Shortest term on the Supreme Court, and an unexpected controversy

Real history has enough mystery and controversy in it that one need not make up fictions.

I posed a question about who served the shortest term on the Supreme Court.

I had stumbled across the fact, and found it interesting: Edwin McMasters Stanton was a Supreme Court Associate Justice for one day in 1869.

Edwin M. Stanton, Lincoln's Sec. of War, Or was he? In the comments to my previous post, Ray from Anything Goes Discussions Edutechation (or Education Technology, more formally) pointed out that the official list of members from the Supreme Court Historical Association denies that Stanton took the oath of office, and so does not list him as a Member of the Court. What are the facts?

One source I have said Stanton took the oath of office on his deathbed, and died within hours. (Wikipedia agrees, but on such an issue, without reference, one should not trust it unconditionally.) The list from the Supreme Court specifically mentions the need to take the oath of office to be a Member, and leaves Stanton off the list, suggesting that he did not take the oath. What’s the truth in this matter? I do not know.

Stanton was an outstanding man by most measures. A very successful lawyer in Ohio, Pennsylvania, and then Washington, D.C., he is credited with being the first lawyer to get a client off on a charge of murder with an insanity defense (the man murdered was the son of Francis Scott Key — what a web!) Stanton was appointed Attorney General by President James Buchanan in 1860. Stanton opposed the election of Abraham Lincoln.

When Lincoln took office, however, Stanton was persuaded to act as legal advisor to Sec. of War Simon Cameron.* Cameron was regarded as inefficient, and in need of strong aides. Stanton replaced Cameron as head of the War Department in 1862, becoming a member of the contentious cabinet of Abraham Lincoln memorialized by Doris Stearns Goodwin in Team of Rivals (see the first chapter, here). Stanton had his quirks — like persecuting Union officers he thought to be disloyal — but Lincoln defended him from criticism, and he ran the War Department well. Stanton learned to appreciate Lincoln, became a Republican, and upon Lincoln’s death offered words that became famous on their own: “Now he belongs to the ages.” And, “There lies the most perfect ruler of men the world has ever seen.”

Stanton stayed on as Sec. of War during Andrew Johnson’s administration, but the two did not see eye to eye. When President Johnson tried to fire Stanton, Stanton barricaded himself in his office — the Radical Republicans in the House of Representatives claimed Johnson’s attempt violated the ill-thought Tenure of Office Act, and this was the chief count listed in the impeachment articles against Johnson, in the nation’s first impeachment of a president (Johnson was acquitted at trial in the Senate, by one vote). Stanton was the nexus of the impeachment of Andrew Johnson.

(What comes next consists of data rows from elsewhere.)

(* Let $\mathsf A$ be an MDCS instance and let $\mathsf A'=\mathsf A\backslash E_e$ be obtained by deleting encoder $E_e$, with encoder set $\mathcal E'=\mathcal E\setminus\{E_e\}$. Writing $\mathrm{Proj}'$ for projection onto the coordinates $(H(X_k))_{k\in[[K]]}$ and $(R_i)_{i\in\mathcal E'}$, $$\mathcal R(\mathsf A')=\mathrm{Proj}'\big(\mathcal R(\mathsf A)\cap\{R_e=0\}\big),\quad \mathcal R_q(\mathsf A')=\mathrm{Proj}'\big(\mathcal R_q(\mathsf A)\cap\{R_e=0\}\big),$$ $$\mathcal R_{s,q}(\mathsf A')=\mathrm{Proj}'\big(\mathcal R_{s,q}(\mathsf A)\cap\{R_e=0\}\big),\quad \mathcal R_{sp}(\mathsf A')=\mathrm{Proj}'\big(\mathcal R_{sp}(\mathsf A)\cap\{R_e=0\}\big).$$ (Equivalently, the paper imposes $H(U_e)=0$, i.e. $h_{U_e}=0$, before projecting.)
   Context: An MDCS instance $\mathsf{A}=(\mathbf X_{[[K]]},\mathcal E,\mathcal D,\mathbf L,\mathcal G)$ consists of $K$ mutually independent sources $X_1,\dots,X_K$, a finite set $\mathcal E$ of encoders $E_e$ (each has access to all sources and outputs a message $U_e$), a finite set $\mathcal D$ of decoders $D_d$, a level $\mathrm{Lev}(D_d)\in\{1,\dots,K\}$ for each decoder, and an edge set $\mathcal G\subseteq\mathcal E\times\mathcal D$; $\mathrm{Fan}(D_d)=\{E_e:(E_e,D_d)\in\mathcal G\}$, $\mathrm{Fan}(E_e)=\{D_d:(E_e,D_d)\in\mathcal G\}$; $D_d$ must recover $X_1,\dots,X_{\mathrm{Lev}(D_d)}$ from $U_e$, $E_e\in\mathrm{Fan}(D_d)$. Encoder deletion $\mathsf A\backslash E_e$: $\mathcal E'=\mathcal E\setminus\{E_e\}$; $\mathcal D'=\mathcal D\setminus\{D_j:\exists D_i\in\mathrm{Fan}(E_e)\setminus\{D_j\},\ \mathrm{Fan}(D_i)\setminus\{E_e\}\subseteq\mathrm{Fan}(D_j),\ \mathrm{Lev}(D_j)\le\mathrm{Lev}(D_i)\}$; levels of surviving decoders unchanged; edges restricted to $\mathcal E'\times\mathcal D'$ (a surviving decoder keeps its decoding requirement with access to its remaining encoders; if a decoder's fan becomes empty, the sources it demanded are removed as well). Rate regions: let $N=K+|\mathcal E|$ with random variables $Y_1,\dots,Y_K,U_e$ ($e\in\mathcal E$); $\mathbf h\in\mathbb R^{2^N-1}$ indexed by nonempty subsets of them; $h_{\mathcal A|\mathcal B}=h_{\mathcal A\cup\mathcal B}-h_{\mathcal B}$. $\mathcal L_1=\{\mathbf h\ge0:h_{Y_1\cdots Y_K}=\sum_kh_{Y_k}\}$, $\mathcal L_2=\{\mathbf h\ge0:h_{U_e|Y_1\cdots Y_K}=0\ \forall e\}$, $\mathcal L_5=\{\mathbf h\ge0:h_{Y_1\cdots Y_{\mathrm{Lev}(D_d)}|(U_e)_{E_e\in\mathrm{Fan}(D_d)}}=0\ \forall d\}$, $\mathcal L_{125}=\mathcal L_1\cap\mathcal L_2\cap\mathcal L_5$, $\mathcal L_4''=\{(\mathbf h,\mathbf R)\in\mathbb R^{2^N-1}_{\ge0}\times\mathbb R^{|\mathcal E|}_{\ge0}:R_e\ge h_{U_e}\ \forall e\}$. All regions live in coordinates $((H(X_k))_k,(R_e)_e)$, where $H(X_k)$ denotes the coordinate $h_{Y_k}$; $\mathrm{Proj}$ is coordinate projection onto these. $\Gamma^*_N$ is the set of entropic vectors, $\overline{\mathrm{con}}$ the closure of the conic hull. $\Gamma_N^q$: conic hull of rank functions $\mathcal A\mapsto\mathrm{rank}(\mathbb A_{:,\mathcal A})$ of matrices $\mathbb A$ over $\mathbb F_q$ with $N$ columns. $\Gamma^q_{N,\infty}$: conic hull of vectors $\mathcal A\mapsto\dim\sum_{i\in\mathcal A}V_i$ for subspaces $V_1,\dots,V_N$ of a finite-dimensional $\mathbb F_q$-vector space. Then $\mathcal R(\mathsf A)=\mathrm{Proj}(\overline{\mathrm{con}}(\Gamma^*_N\cap\mathcal L_1\cap\mathcal L_2)\cap\mathcal L_5\cap\mathcal L_4'')$ (the rate region: achievable source-entropy/encoder-rate tuples); $\mathcal R_q(\mathsf A)=\mathrm{Proj}(\Gamma^q_{N,\infty}\cap\mathcal L_{125}\cap\mathcal L_4'')$ (achievable by vector $\mathbb F_q$-linear codes); $\mathcal R_{s,q}(\mathsf A)=\mathrm{Proj}(\Gamma^q_N\cap\mathcal L_{125}\cap\mathcal L_4'')$ (achievable by scalar $\mathbb F_q$-linear codes); $\mathcal R_{sp}(\mathsf A)=\mathrm{Proj}_{(R_e),(H(X_k))}\{(R_e,H(X_k),R_e^{X_k})_{e,k}\ge0: R_e=\sum_{i=1}^KR_e^{X_i}\ \forall e;\ \sum_{e:E_e\in\mathrm{Fan}(D_d)}R_e^{X_i}\ge H(X_i)\ \forall d\in\mathcal D,\ i\le\mathrm{Lev}(D_d)\}$ (superposition coding region). *)

From HB Require Import structures.
From mathcomp Require Import all_boot all_order all_algebra all_field.
From Stdlib Require Import Reals.
Set Implicit Arguments. Unset Strict Implicit. Unset Printing Implicit Defensive.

Stanton resigned, returning to the private practice of law. After members of the Senate and House of Representatives petitioned him to do so, President Grant nominated Stanton to the Supreme Court; the Senate confirmed the nomination on December 20, 1869. Stanton suffered a stroke, and died on December 24.

Thomas Nast penned one of his most famous cartoons, published in Harper’s Weekly on January 15, 1870, about complaints about Stanton after his death (see the previous post).

It’s a remarkable life. And it ends in mystery: Was he the shortest-tenured member of the Supreme Court? Did he take the required oath of office on December 24, 1869, before he died?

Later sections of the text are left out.